Activity: Here are some records; copy every line that holds the word "Stdlib".
============================================================
(* The class of majority functions is exactly learnable under the uniform distribution on $\{-1,1\}^n$.
   Context: For $I\subseteq[n]$ with $|I|$ odd, the majority function $\mathrm{maj}_I:\{-1,1\}^n\to\{-1,1\}$ is $\mathrm{maj}_I(x)=\mathrm{sgn}\left(\sum_{i\in I}x_i\right)$. Exact learnability under a distribution means: there is an algorithm which, for every $n$, every target majority $c$ and every $\delta>0$, given a number of i.i.d. examples from the distribution labelled by $c$ that is polynomial in $n$ and $1/\delta$, outputs with probability at least $1-\delta$ a hypothesis equal to $c$ on all of $\{-1,1\}^n$. *)

From Stdlib Require Import Reals.
From mathcomp Require Import all_boot all_order all_algebra.
Set Implicit Arguments. Unset Strict Implicit. Unset Printing Implicit Defensive.
Import GRing.Theory Num.Theory.

(* The cube {-1,1}^n: a point is a finite function 'I_n -> bool,
   where true encodes +1 and false encodes -1. *)
Definition cube (n : nat) : finType := {ffun 'I_n -> bool}.

Definition pm (b : bool) : int := if b then 1%R else (-1)%R.

(* maj_I(x) = sgn(sum_{i in I} x_i), valued in {-1,0,1} in int
   (never 0 when |I| is odd). *)
Definition maj (n : nat) (I : {set 'I_n}) (x : cube n) : int :=
  Num.sg (\sum_(i in I) pm (x i))%R.

Definition learner := forall n : nat, R -> seq (cube n * int) -> (cube n -> int).

(* Probability, over m i.i.d. uniform examples from {-1,1}^n labelled by
   maj_I, that the hypothesis output by [A] equals maj_I on all of {-1,1}^n. *)
Definition success_prob (n : nat) (I : {set 'I_n}) (m : nat)
  (A : seq (cube n * int) -> (cube n -> int)) : R :=
  Rdiv (INR #|[set xs : m.-tuple (cube n) |
           [forall x : cube n, A [seq (y, maj I y) | y <- xs] x == maj I x]]|)
       (INR #|{: m.-tuple (cube n)}|).

Definition poly_sample_size (m : nat -> R -> nat) : Prop :=
  exists (c k : nat), forall (n : nat) (delta : R), Rlt R0 delta ->
    Rle (INR (m n delta)) (Rmult (Rmult (INR c) (pow (Rplus (INR n) R1) k)) (pow (Rplus R1 (Rinv delta)) k)).

Definition majorities_exactly_learnable_uniform : Prop :=
  exists (m : nat -> R -> nat) (L : learner),
    poly_sample_size m /\
    forall (n : nat) (I : {set 'I_n}), odd #|I| ->
    forall delta : R, Rlt R0 delta ->
      Rle (Rminus R1 delta) (success_prob I (m n delta) (L n delta)).

From Stdlib Require Import Reals Lra Lia.
From mathcomp Require Import all_boot all_order all_algebra perm zify.
Set Implicit Arguments. Unset Strict Implicit. Unset Printing Implicit Defensive.
Import GRing.Theory Num.Theory.

(* A wrong odd majority maj_J disagrees with maj_I on at least a 1/(2n)
   fraction of the cube. Flipping the coordinates of I one at a time negates
   maj_I, so the pivotal sets of maj_I at the coordinates of I cover the cube;
   by symmetry they all have the same size; and for i in I \ J every pivotal
   point of maj_I at i lies in the disagreement set of maj_I and maj_J or in
   its image under flipping i. Hence maj_J is consistent with m = 2n(n+L)
   uniform examples with probability at most (1 - 1/(2n))^m <= 2^-(n+L), and a
   union bound over the 2^n candidates shows that the learner outputting any
   consistent odd majority fails with probability at most 2^-L <= 1/L <= delta. *)

Section Cube.
Variable n : nat.
Implicit Types (I J : {set 'I_n}) (x : cube n) (i j : 'I_n).

Lemma card_cube : #|cube n| = 2 ^ n.
Proof. by rewrite card_ffun card_bool card_ord. Qed.

Lemma card_subsets : #|{set 'I_n}| = 2 ^ n.
Proof. by rewrite -cardsT -powersetT card_powerset cardsT card_ord. Qed.

Lemma card_subset_ord I : #|I| <= n.
Proof. by rewrite -[leqRHS]card_ord max_card. Qed.

Definition flip i x : cube n := [ffun j => if j == i then ~~ x j else x j].

Lemma flipK i : involutive (flip i).
Proof. by move=> x; apply/ffunP=> j; rewrite !ffunE; case: (j == i); rewrite ?negbK. Qed.

Lemma flip_inj i : injective (flip i).
Proof. exact: inv_inj (flipK i). Qed.

Lemma card_setU_preflip (A B : {set cube n}) i :
  #|A :|: flip i @^-1: B| <= #|A| + #|B|.
Proof. by rewrite -(card_preimset B (@flip_inj i)) leq_card_setU. Qed.

Definition flips (s : seq 'I_n) x : cube n := foldl (fun y i => flip i y) x s.

Lemma flipsE s x j : uniq s -> flips s x j = if j \in s then ~~ x j else x j.
Proof.
elim: s x => [|a s IH] x //= /andP[aNs us].
rewrite IH // in_cons ffunE; case: eqP => [->|_] //=.
by rewrite (negbTE aNs).
Qed.

Section Pivotal.
Variable T : eqType.
Implicit Types f g : cube n -> T.

Definition pivotal f i := [set x | f x != f (flip i x)].

Definition disagree f g := [set x | f x != g x].

Lemma disagreeC f g : disagree f g = disagree g f.
Proof. by apply/setP=> x; rewrite !inE eq_sym. Qed.

Lemma card_disagree_flips_le f s :
  #|disagree f (f \o flips s)| <= \sum_(i <- s) #|pivotal f i|.
Proof.
elim: s => [|a s IH].
  by rewrite big_nil leqn0 cards_eq0; apply/eqP/setP=> x; rewrite !inE eqxx.
rewrite big_cons.
apply: (@leq_trans #|pivotal f a :|: flip a @^-1: disagree f (f \o flips s)|).
  apply/subset_leq_card/subsetP=> x; rewrite !inE /= => fx.
  by case: (eqVneq (f x) (f (flip a x))) fx => // ->.
by apply: leq_trans (card_setU_preflip _ _ a) _; rewrite leq_add2l.
Qed.

Lemma card_pivotal_le_disagree f g i :
  (forall x, g (flip i x) = g x) -> #|pivotal f i| <= 2 * #|disagree f g|.
Proof.
move=> gi; rewrite mul2n -addnn; apply: leq_trans (card_setU_preflip _ _ i).
apply/subset_leq_card/subsetP=> x; rewrite !inE gi => fx.
by case: (eqVneq (f x) (g x)) fx => // ->; rewrite eq_sym.
Qed.

Definition permx (s : {perm 'I_n}) x : cube n := [ffun j => x (s j)].

Lemma permx_inj s : injective (permx s).
Proof.
apply: (can_inj (g := permx s^-1)) => x.
by apply/ffunP=> j; rewrite !ffunE permKV.
Qed.

Lemma flip_permx s i x : flip i (permx s x) = permx s (flip (s i) x).
Proof. by apply/ffunP=> j; rewrite !ffunE (inj_eq perm_inj). Qed.

Lemma card_pivotal_perm f s i :
  (forall x, f (permx s x) = f x) -> #|pivotal f (s i)| = #|pivotal f i|.
Proof.
move=> fs; rewrite -[RHS](card_preimset _ (@permx_inj s)); apply: eq_card => x.
by rewrite !inE flip_permx !fs.
Qed.

End Pivotal.

Lemma pmN b : pm (~~ b) = (- pm b)%R.
Proof. by case: b. Qed.

Lemma sum_pm_neq0 I x : odd #|I| -> (\sum_(j in I) pm (x j))%R != 0%R.
Proof.
move=> oI; have -> : (\sum_(j in I) pm (x j) =
    #|I|%:R - (2 * \sum_(j in I) (~~ x j : nat))%:R :> int)%R.
  rewrite -sum1_card natrM !natr_sum mulr_sumr -sumrB.
  by apply: eq_bigr => j _; case: (x j).
rewrite subr_eq0 eqr_nat; apply: contraL oI => /eqP->.
by rewrite oddM.
Qed.

Lemma maj_neq0 I x : odd #|I| -> maj I x != 0%R.
Proof. by move=> oI; rewrite sgr_eq0 sum_pm_neq0. Qed.

Lemma maj_flip_notin I i x : i \notin I -> maj I (flip i x) = maj I x.
Proof.
move=> iI; congr Num.sg; apply: eq_bigr => j jI; rewrite ffunE.
by case: eqP => // eji; rewrite -eji jI in iI.
Qed.

Lemma maj_flips_enum I x : maj I (flips (enum I) x) = (- maj I x)%R.
Proof.
rewrite /maj -sgrN -sumrN; congr Num.sg; apply: eq_bigr => j jI.
by rewrite flipsE ?enum_uniq // mem_enum jI pmN.
Qed.

Lemma maj_permx I (s : {perm 'I_n}) x :
  {mono s : j / j \in I} -> maj I (permx s x) = maj I x.
Proof.
move=> sI; congr Num.sg; rewrite [RHS](reindex_inj (@perm_inj _ s)) /=.
by apply: eq_big => j; rewrite ?sI // ffunE.
Qed.

Lemma card_pivotal_maj_sum I :
  odd #|I| -> 2 ^ n <= \sum_(i in I) #|pivotal (maj I) i|.
Proof.
move=> oI; rewrite -big_enum; apply: leq_trans (card_disagree_flips_le _ _).
rewrite -card_cube -cardsT subset_leq_card //; apply/subsetP=> x _.
rewrite inE /= maj_flips_enum -addr_eq0 -mulr2n mulrn_eq0 /=.
exact: maj_neq0.
Qed.

Lemma card_pivotal_maj_eq I i i' :
  i \in I -> i' \in I -> #|pivotal (maj I) i'| = #|pivotal (maj I) i|.
Proof.
move=> iI i'I; rewrite -{1}(tpermL i i'); apply: card_pivotal_perm => x.
by apply: maj_permx => j; case: tpermP => // ->; rewrite iI i'I.
Qed.

Lemma card_pivotal_maj_ge I i :
  odd #|I| -> i \in I -> 2 ^ n <= #|I| * #|pivotal (maj I) i|.
Proof.
move=> oI iI; rewrite -sum_nat_const; apply: leq_trans (card_pivotal_maj_sum oI) _.
by apply/eq_leq/eq_bigr => j jI; rewrite (card_pivotal_maj_eq iI jI).
Qed.

Lemma card_disagree_maj_ge I J :
  odd #|I| -> odd #|J| -> I != J -> 2 ^ n <= 2 * n * #|disagree (maj I) (maj J)|.
Proof.
wlog /subsetPn[i iI iJ] : I J / ~~ (I \subset J) => [hw oI oJ IJ|oI _ _].
  have [sIJ|nIJ] := boolP (I \subset J); last exact: hw nIJ oI oJ IJ.
  rewrite disagreeC; apply: hw; rewrite 1?eq_sym //.
  by apply: contra IJ => sJI; rewrite eqEsubset sIJ.
apply: leq_trans (card_pivotal_maj_ge oI iI) _.
rewrite mulnAC mulnC leq_mul ?card_subset_ord ?card_pivotal_le_disagree // => x.
by rewrite maj_flip_notin.
Qed.

End Cube.

Lemma leq_bernoulli a d q : a ^ q.+1 + q.+1 * d * a ^ q <= (a + d) ^ q.+1.
Proof.
elim: q => [|q IH]; first by rewrite expn0 !expn1 mul1n muln1.
rewrite [(a + d) ^ q.+2]expnS; apply: leq_trans (leq_mul (leqnn _) IH).
rewrite mulnDl mulnDr !expnS; nia.
Qed.

Lemma expn_subn_half N d q :
  0 < q -> N <= q * d -> d <= N -> 2 * (N - d) ^ q <= N ^ q.
Proof.
case: q => // q _ hN hd; rewrite -{2}(subnK hd).
apply: leq_trans (leq_bernoulli _ _ _); rewrite mul2n -addnn leq_add2l expnS.
by rewrite leq_mul2r (leq_trans (leq_subr _ _) hN) orbT.
Qed.

Lemma expn_subn_decay N d q k :
  0 < q -> N <= q * d -> d <= N -> 2 ^ k * (N - d) ^ (q * k) <= N ^ (q * k).
Proof.
move=> q0 hN hd; elim: k => [|k IH]; first by rewrite muln0.
rewrite mulnS !expnD expnS mulnACA.
exact: leq_mul (expn_subn_half q0 hN hd) IH.
Qed.

Lemma card_bigcup_le (I T : finType) (P : pred I) (F : I -> {set T}) :
  #|\bigcup_(i | P i) F i| <= \sum_(i | P i) #|F i|.
Proof.
apply: (big_ind2 (fun (A : {set T}) k => #|A| <= k)) => // [|A a B b hA hB].
  by rewrite cards0.
exact: leq_trans (leq_card_setU A B).1 (leq_add hA hB).
Qed.

Lemma card_tuples_in (T : finType) m (A : {set T}) :
  #|[set xs : m.-tuple T | all [in A] xs]| <= #|A| ^ m.
Proof.
pose f (xs : m.-tuple T) : {ffun 'I_m -> T} := [ffun t => tnth xs t].
have f_inj : injective f.
  by move=> xs ys /ffunP e; apply: eq_from_tnth => t; have := e t; rewrite !ffunE.
rewrite -(card_imset _ f_inj) -[m in _ ^ m]card_ord -card_ffun_on subset_leq_card //.
apply/subsetP=> g /imsetP[xs]; rewrite inE => /all_tnthP xsA ->.
by apply/ffun_onP=> t; rewrite ffunE xsA.
Qed.

Definition consistent_majority : learner := fun n _ S =>
  if [pick J : {set 'I_n} | odd #|J| && all (fun p => maj J p.1 == p.2) S] is Some J
  then maj J else fun=> 0%R.

Definition exact_samples n (I : {set 'I_n}) m (A : seq (cube n * int) -> cube n -> int) :=
  [set xs : m.-tuple (cube n) | [forall x, A [seq (y, maj I y) | y <- xs] x == maj I x]].

Lemma consistent_majority_miss n (I : {set 'I_n}) d m :
  odd #|I| -> ~: exact_samples I m (consistent_majority d) \subset
    \bigcup_(J : {set 'I_n} | odd #|J| && (J != I))
      [set xs : m.-tuple (cube n) | all [in ~: disagree (maj I) (maj J)] xs].
Proof.
move=> oI; apply/subsetP=> xs; rewrite !inE => /forallPn[x].
rewrite /consistent_majority; case: pickP => [J /andP[oJ xsJ]|none]; last first.
  have I_fits : all (fun p => maj I p.1 == p.2) [seq (y, maj I y) | y <- xs].
    by rewrite all_map; apply/allP=> y _ /=.
  by have := none I; rewrite oI I_fits.
have [-> | JI] := eqVneq J I; first by rewrite eqxx.
move=> _; apply/bigcupP; exists J; first by rewrite oJ JI.
rewrite inE; apply/allP=> y yxs; rewrite !inE negbK eq_sym.
by move: xsJ; rewrite all_map => /allP/(_ y yxs).
Qed.

Lemma card_samples_avoiding_disagree n (I J : {set 'I_n}) L (m := 2 * n * (n + L)) :
  odd #|I| -> odd #|J| -> I != J ->
  2 ^ (n + L) * #|[set xs : m.-tuple (cube n) | all [in ~: disagree (maj I) (maj J)] xs]|
    <= (2 ^ n) ^ m.
Proof.
move=> oI oJ IJ; apply: leq_trans (leq_mul (leqnn _) (card_tuples_in _ _)) _.
rewrite cardsCs setCK card_cube /m; apply: expn_subn_decay.
- by rewrite muln_gt0 /= (leq_trans (odd_gt0 oI) (card_subset_ord I)).
- exact: card_disagree_maj_ge.
- by rewrite -card_cube max_card.
Qed.

Lemma card_exact_samples_compl n (I : {set 'I_n}) d L (m := 2 * n * (n + L)) :
  odd #|I| ->
  #|~: exact_samples I m (consistent_majority d)| * 2 ^ L <= #|{: m.-tuple (cube n)}|.
Proof.
move=> oI; rewrite card_tuple card_cube -(@leq_pmul2l (2 ^ n)) ?expn_gt0 //.
rewrite mulnCA -expnD mulnC.
apply: leq_trans (leq_mul (leqnn _) (subset_leq_card (consistent_majority_miss d m oI))) _.
apply: leq_trans (leq_mul (leqnn _) (card_bigcup_le _ _)) _.
rewrite big_distrr /=.
apply: (@leq_trans (\sum_(J : {set 'I_n} | odd #|J| && (J != I)) (2 ^ n) ^ m)).
  by apply: leq_sum => J /andP[oJ JI]; rewrite card_samples_avoiding_disagree // eq_sym.
rewrite sum_nat_const leq_mul2r; apply/orP; right.
by rewrite -card_subsets max_card.
Qed.

Local Open Scope R_scope.

Definition up_inv (d : R) : nat := Z.to_nat (up (/ d)).

Lemma up_inv_bounds d : 0 < d -> / d <= INR (up_inv d) <= / d + 1.
Proof.
move=> d_gt0; have [up_gt up_le] := archimed (/ d).
have inv_gt0 : 0 < / d by apply: Rinv_0_lt_compat.
have up_ge0 : Z.le 0 (up (/ d)) by apply: le_IZR; lra.
rewrite /up_inv INR_IZR_INZ Znat.Z2Nat.id //; lra.
Qed.

Definition sample_size (n : nat) (d : R) : nat := 2 * n * (n + up_inv d).

Lemma poly_sample_size_sample_size : poly_sample_size sample_size.
Proof.
exists 2%N, 2%N => n d d_gt0; have [_ up_le] := up_inv_bounds d_gt0.
have inv_gt0 : 0 < / d by apply: Rinv_0_lt_compat.
have n_ge0 := pos_INR n; have up_ge0 := pos_INR (up_inv d).
rewrite /sample_size -!multE -plusE !mult_INR plus_INR /=.
set a := INR n in n_ge0 *; set l := INR (up_inv d) in up_le up_ge0 *.
set t := / d in inv_gt0 up_le *.
have sum_le : a + l <= (a + 1) * (1 + t) by nra.
nra.
Qed.

Lemma compl_ratio_ge (T : finType) (G : {set T}) (L : nat) d :
  (0 < #|T|)%N -> 0 < d -> / d <= INR L -> (#|~: G| * L <= #|T|)%N ->
  1 - d <= INR #|G| / INR #|T|.
Proof.
move=> T_gt0 d_gt0 inv_le bad_le.
have T_pos : 0 < INR #|T| by apply/lt_0_INR/ltP.
have split_T : INR #|G| + INR #|~: G| = INR #|T|.
  by rewrite -plus_INR; congr INR; exact: cardsC.
have bad_le' : INR #|~: G| * INR L <= INR #|T| by rewrite -mult_INR; apply/le_INR/leP.
have bad_ge0 := pos_INR #|~: G|.
have bad_d : INR #|~: G| <= d * INR #|T|.
  rewrite -[X in X <= _](@Rmult_1_l) -(Rinv_r d); last lra.
  rewrite Rmult_assoc; apply: Rmult_le_compat_l; first lra.
  nra.
apply: (Rmult_le_reg_r (INR #|T|)) => //.
rewrite /Rdiv Rmult_assoc Rinv_l; lra.
Qed.

Local Close Scope R_scope.

Theorem theorem5p3 :
  exists (m : nat -> R -> nat) (L : learner),
    poly_sample_size m /\
    forall (n : nat) (I : {set 'I_n}), odd #|I| ->
    forall delta : R, Rlt R0 delta ->
      Rle (Rminus R1 delta) (success_prob I (m n delta) (L n delta)).
Proof.
exists sample_size, consistent_majority; split; first exact: poly_sample_size_sample_size.
move=> n I oI d d_gt0; have [inv_le _] := up_inv_bounds d_gt0.
apply: (compl_ratio_ge (L := up_inv d)) => //.
  by rewrite card_tuple card_cube !expn_gt0.
apply: leq_trans (card_exact_samples_compl d (up_inv d) oI).
by rewrite leq_mul2l (ltnW (ltn_expl _ (ltnSn 1))) orbT.
Qed.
============================================================
Expected answer:
From Stdlib Require Import Reals.
From Stdlib Require Import Reals Lra Lia.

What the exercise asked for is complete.